I am using a 1T NVME disk as a fast cache of a logical volume:
[root@host ~]# lvs
LV VG Attr LSize Pool Origin Data% Meta% Move Log Cpy%Sync Convert
root rl Cwi-aoC--- <14.52t [cache_cpool] [root_corig] 100.00 0.11 20.20
swap rl wi -ao---- 32.00g
[root@host ~]# pvs
PV VG Fmt Attr PSize PFree
/dev/md126 rl lvm2 a-- 14.55t 0
/dev/nvme0n1p1 rl lvm2 a-- <931.51g <11.51g
It works fine when the cache-Data is small, such as ~20%. However, when its near full, ~100%, I can see file system errors just after tens hours of xfs_repair.
[root@host ~]# du -hs
du: cannot access './file/path1/path2/filename1': Structure needs cleaning
du: cannot access './file/path1/path2/filename2': Structure needs cleaning
Which is requring of xfs_repair again. This is a big problem.

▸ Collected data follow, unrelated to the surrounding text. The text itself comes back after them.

(* Let $(S,* )$ be a finite cycle set of size $n$ and class $d$, with structure group $G$, germ $\overline G$, permutation group $\mathcal G$ and diagonal map $T$. Then: (i) the map $\psi\colon G\to\mathcal G$ factorizes through the projection $\pi\colon G\to\overline G$, i.e. there is a map $\phi\colon\overline G\to\mathcal G$ with $\psi=\phi\circ\pi$; (ii) $o(T)$ divides $d$, $d$ divides $|\mathcal G|$, and $|\mathcal G|$ divides $d^n$, where $o(T)$ is the order of the permutation $T$ of $S$.
   Context: A cycle set is a set $S$ with a binary operation $*$ such that each $t\mapsto s*t$ is bijective and $(s*t)*(s*u)=(t*s)*(t*u)$ for all $s,t,u$. Write $S=\{s_1,\dots,s_n\}$, let $\psi(s)\in\mathfrak S_n$ satisfy $s_i*s_j=s_{\psi(s_i)(j)}$, and $T(s)=s*s$ (a bijection of $S$ for finite cycle sets). The structure group $G$ has presentation $\langle S\mid s(s*t)=t(t*s),\ s\ne t\rangle$; $\psi$ extends to the anti-homomorphism $\psi\colon G\to\mathfrak S_n$ with $\psi(gh)=\psi(h)\circ\psi(g)$, whose image is the permutation group $\mathcal G=\langle\psi(s_1),\dots,\psi(s_n)\rangle$. With $\psi_k(s)=\psi(T^{k-1}(s))\circ\cdots\circ\psi(s)$, the class $d$ is the least $d\ge1$ with $\psi_d(s)=\mathrm{id}$ for all $s$. With $P_\sigma$ the matrix having $1$ at $(i,\sigma(i))$ and $\zeta_d=e^{2i\pi/d}$, the germ $\overline G$ is the subgroup of $GL_n(\mathbb C)$ generated by $\bar s_i=\mathrm{diag}(1,\dots,\zeta_d,\dots,1)P_{\psi(s_i)}$ ($\zeta_d$ in position $i$), and $\pi\colon G\to\overline G$ is the surjective homomorphism $s_i\mapsto\bar s_i$. *)

From HB Require Import structures.
From mathcomp Require Import all_boot all_order all_algebra all_fingroup all_field.
Set Implicit Arguments. Unset Strict Implicit. Unset Printing Implicit Defensive.
Import GRing.Theory Num.Theory.
Local Open Scope ring_scope.
Local Open Scope group_scope.

(* A cycle set on S = 'I_n is encoded by psi : 'I_n -> {perm 'I_n}, with
   s_i * s_j = s_(psi s_i j).  Bijectivity of t |-> s * t is built in. *)
Definition cs_op (n : nat) (psi : 'I_n -> {perm 'I_n}) (s t : 'I_n) : 'I_n :=
  psi s t.

Definition is_cycle_set (n : nat) (psi : 'I_n -> {perm 'I_n}) : Prop :=
  forall s t u : 'I_n,
    cs_op psi (cs_op psi s t) (cs_op psi s u) = cs_op psi (cs_op psi t s) (cs_op psi t u).

Definition diagT (n : nat) (psi : 'I_n -> {perm 'I_n}) (s : 'I_n) : 'I_n :=
  cs_op psi s s.

(* psi_k(s) = psi(T^{k-1} s) o ... o psi(s).  In mathcomp, (p * q) x = q (p x),
   i.e. p * q is "q after p", so this is the product psi(s) * psi(T s) * ... *)
Definition psik (n : nat) (psi : 'I_n -> {perm 'I_n}) (k : nat) (s : 'I_n)
  : {perm 'I_n} :=
  \prod_(i < k) psi (iter i (diagT psi) s).

Definition is_class (n : nat) (psi : 'I_n -> {perm 'I_n}) (d : nat) : Prop :=
  (0 < d)%N /\ (forall s, psik psi d s = 1) /\
  (forall d', (0 < d')%N -> (d' < d)%N -> exists s, psik psi d' s != 1).

Definition permGroup (n : nat) (psi : 'I_n -> {perm 'I_n}) : {group {perm 'I_n}} :=
  <<[set psi s | s : 'I_n]>>%G.

(* Elements of the structure group G are represented by words in the
   generators s_i and their inverses: (i, true) = s_i, (i, false) = s_i^-1. *)
Definition word (n : nat) := seq ('I_n * bool).

(* psi : G -> calG (anti-homomorphism for composition, i.e. a homomorphism
   for mathcomp's left-to-right product). *)
Definition psiW (n : nat) (psi : 'I_n -> {perm 'I_n}) (w : word n) : {perm 'I_n} :=
  foldr (fun x acc => (if x.2 then psi x.1 else (psi x.1)^-1) * acc) 1 w.

Definition Pmx (n : nat) (sigma : {perm 'I_n}) : 'M[algC]_n :=
  \matrix_(i, j) (if j == sigma i then 1 else 0)%R.

Definition germGen (n : nat) (psi : 'I_n -> {perm 'I_n}) (z : algC) (i : 'I_n)
  : 'M[algC]_n :=
  (diag_mx (\row_(j < n) (if j == i then z else 1%R)) *m Pmx (psi i))%R.

Definition piW (n : nat) (psi : 'I_n -> {perm 'I_n}) (z : algC) (w : word n)
  : 'M[algC]_n :=
  foldr (fun x acc =>
           ((if x.2 then germGen psi z x.1 else invmx (germGen psi z x.1)) *m acc)%R)
        (1%:M)%R w.

From HB Require Import structures.
From mathcomp Require Import all_boot all_order all_algebra all_fingroup all_field.
From mathcomp Require Import all_solvable.
Import GRing.Theory Num.Theory.
Set Implicit Arguments. Unset Strict Implicit. Unset Printing Implicit Defensive.

(* (i): every generator of the germ is a monomial matrix whose pattern of
   nonzero entries is the permutation psi(s_i); patterns multiply under
   products and invert under inverses, so reading off the pattern is phi.

   (ii): record a positive word w by nu(w) in N^n, where
   nu(s_j w)(i) = [i = j] + nu(w)(psi(s_j) i) (the 1-cocycle of the structure
   monoid).  A diamond argument on the cycle set relation shows that psi(w)
   depends only on nu(w), and since psi_d(s) = id it does not change when d is
   added to one coordinate.  So psi induces a surjection F : (Z/d)^n -> calG,
   multiplicative for the twisted law a.b = a + b o F(a).  The fibres of F are
   translates of the additive subgroup K = F^-1(1), hence |calG| is the order of
   (Z/d)^n / K, which divides d^n; the exponent of this quotient is the least e
   with psi_e = id, that is d.  Finally T^d(s) = psi_d(s)(s) = s. *)

Section MonomialMatrices.
Variables (R : fieldType) (n : nat).
Local Open Scope ring_scope.

Definition monomial_of (M : 'M[R]_n) (s : {perm 'I_n}) :=
  forall i j, (M i j != 0) = (j == s i).

Lemma natr_bool_neq0 (b : bool) : ((b : nat)%:R != 0 :> R) = b.
Proof. by case: b; rewrite ?oner_eq0 ?eqxx. Qed.

Lemma monomial_of_eq0 M s i j : monomial_of M s -> j != s i -> M i j = 0.
Proof. by move=> Ms; rewrite -Ms negbK => /eqP. Qed.

Lemma monomial_of1 : monomial_of 1%:M 1%g.
Proof. by move=> i j; rewrite mxE perm1 natr_bool_neq0 eq_sym. Qed.

Lemma monomial_ofM A B s t :
  monomial_of A s -> monomial_of B t -> monomial_of (A *m B) (s * t)%g.
Proof.
move=> As Bt i k; rewrite mxE (bigD1 (s i)) //= big1 ?addr0; last first.
  by move=> j /(monomial_of_eq0 As) ->; rewrite mul0r.
by rewrite mulf_eq0 negb_or As eqxx Bt permM.
Qed.

Lemma monomial_ofV A s :
  monomial_of A s -> A \in unitmx -> monomial_of (invmx A) s^-1%g.
Proof.
move=> As uA i j.
have Asj : A j (s j) != 0 by rewrite As.
have := congr1 (fun M : 'M[R]_n => M i (s j)) (mulVmx uA).
rewrite /= !mxE (bigD1 j) //= big1 ?addr0 => [Eij|j' nj]; last first.
  by rewrite (monomial_of_eq0 As) ?mulr0 // (inj_eq perm_inj) eq_sym.
rewrite -(mulIr_eq0 _ (mulIf Asj)) Eij natr_bool_neq0.
by rewrite -[RHS](inj_eq (@perm_inj _ s)) permKV eq_sym.
Qed.

Definition monomial_perm (M : 'M[R]_n) : {perm 'I_n} :=
  odflt 1%g [pick s : {perm 'I_n} | [forall i, M i (s i) != 0]].

Lemma monomial_permE M s : monomial_of M s -> monomial_perm M = s.
Proof.
move=> Ms; rewrite /monomial_perm; case: pickP => [t /forallP Mt | /(_ s)] /=.
  by apply/permP => i; move: (Mt i); rewrite Ms => /eqP.
by apply: contraFeq => _; apply/forallP => i; rewrite Ms.
Qed.

End MonomialMatrices.

Lemma Pmx_perm_mx n (s : {perm 'I_n}) : Pmx s = perm_mx s.
Proof. by apply/matrixP => i j; rewrite !mxE eq_sym; case: (_ == _). Qed.

Section Germ.
Variables (n : nat) (psi : 'I_n -> {perm 'I_n}) (z : algC).
Hypothesis z_neq0 : z != 0%R.
Local Open Scope ring_scope.

Lemma diag_germGen_neq0 (i k : 'I_n) : (if k == i then z else 1) != 0.
Proof. by case: ifP; rewrite ?oner_eq0. Qed.

Lemma germGen_monomial i : monomial_of (germGen psi z i) (psi i).
Proof.
move=> k j; rewrite /germGen mul_diag_mx !mxE mulf_eq0 negb_or diag_germGen_neq0 /=.
by case: (j == _); rewrite ?oner_eq0 ?eqxx.
Qed.

Lemma germGen_unit i : germGen psi z i \in unitmx.
Proof.
rewrite unitmxE unitfE /germGen Pmx_perm_mx det_mulmx det_diag det_perm.
rewrite mulf_neq0 ?signr_eq0 //.
by apply/prodf_neq0 => k _; rewrite mxE diag_germGen_neq0.
Qed.

Lemma piW_monomial w : monomial_of (piW psi z w) (psiW psi w).
Proof.
elim: w => [|[i []] w IHw] /=; first exact: monomial_of1.
  exact: monomial_ofM (germGen_monomial i) IHw.
apply: monomial_ofM IHw.
exact: monomial_ofV (germGen_monomial i) (germGen_unit i).
Qed.

End Germ.

Lemma sum_nat_perm (T : finType) (c : T -> nat) (p : {perm T}) :
  (\sum_i c (p i) = \sum_i c i)%N.
Proof. by rewrite [RHS](reindex_inj (@perm_inj _ p)). Qed.

Lemma sum_nat_indicator (T : finType) (s : T) : (\sum_i (i == s) = 1)%N.
Proof. by rewrite (bigD1 s) //= eqxx big1 // => i /negbTE->. Qed.

Section CycleSetWords.
Variables (n : nat) (psi : 'I_n -> {perm 'I_n}).
Local Open Scope group_scope.
Local Notation vec := {ffun 'I_n -> nat}.

Definition vec_cons (j : 'I_n) (c : vec) : vec :=
  [ffun i => (i == j) + c (psi j i)]%N.

Definition vec_behead (j : 'I_n) (c : vec) : vec :=
  [ffun i => c ((psi j)^-1 i) - ((psi j)^-1 i == j)]%N.

Definition word_vec (w : seq 'I_n) : vec :=
  foldr vec_cons [ffun => 0%N] w.

Definition word_perm (w : seq 'I_n) : {perm 'I_n} :=
  foldr (fun j p => psi j * p) 1 w.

I checked the err-log by nvme command,
[root@host ~]# nvme error-log /dev/nvme0|head
Error Log Entries for device:nvme0 entries:64
.................
Entry[ 0]
.................
error_count : 76
sqid : 0
cmdid : 0x17
status_field : 0x2109(Invalid Log Page: The log page indicated is invalid)
phase_tag : 0
parm_err_loc : 0x28
The error_count seems show that this nvme disk has some errors.
Testing:
I had try to rebulld the lvm-cache. It seems works fine still when the cache-Data is small, but not when its nearly full.
I had try to use another new nvme disk, approximate highest quality consumer nvme disk of Samsung , there are still problems of this kind.
Solutions?
I was wondering if it would be possible to limit the usage of the nvme disk to a maximum of 30-40% storage, and possibly be able to make the nvme works in MLC mode (or SLC mode by just using <25% storage of the disk) instead of TLC, which would drastically improve data reliability. Thus less prone to file system errors.
Question:
So, any way to setting the lvm-cache not to using the whole space of cache disk?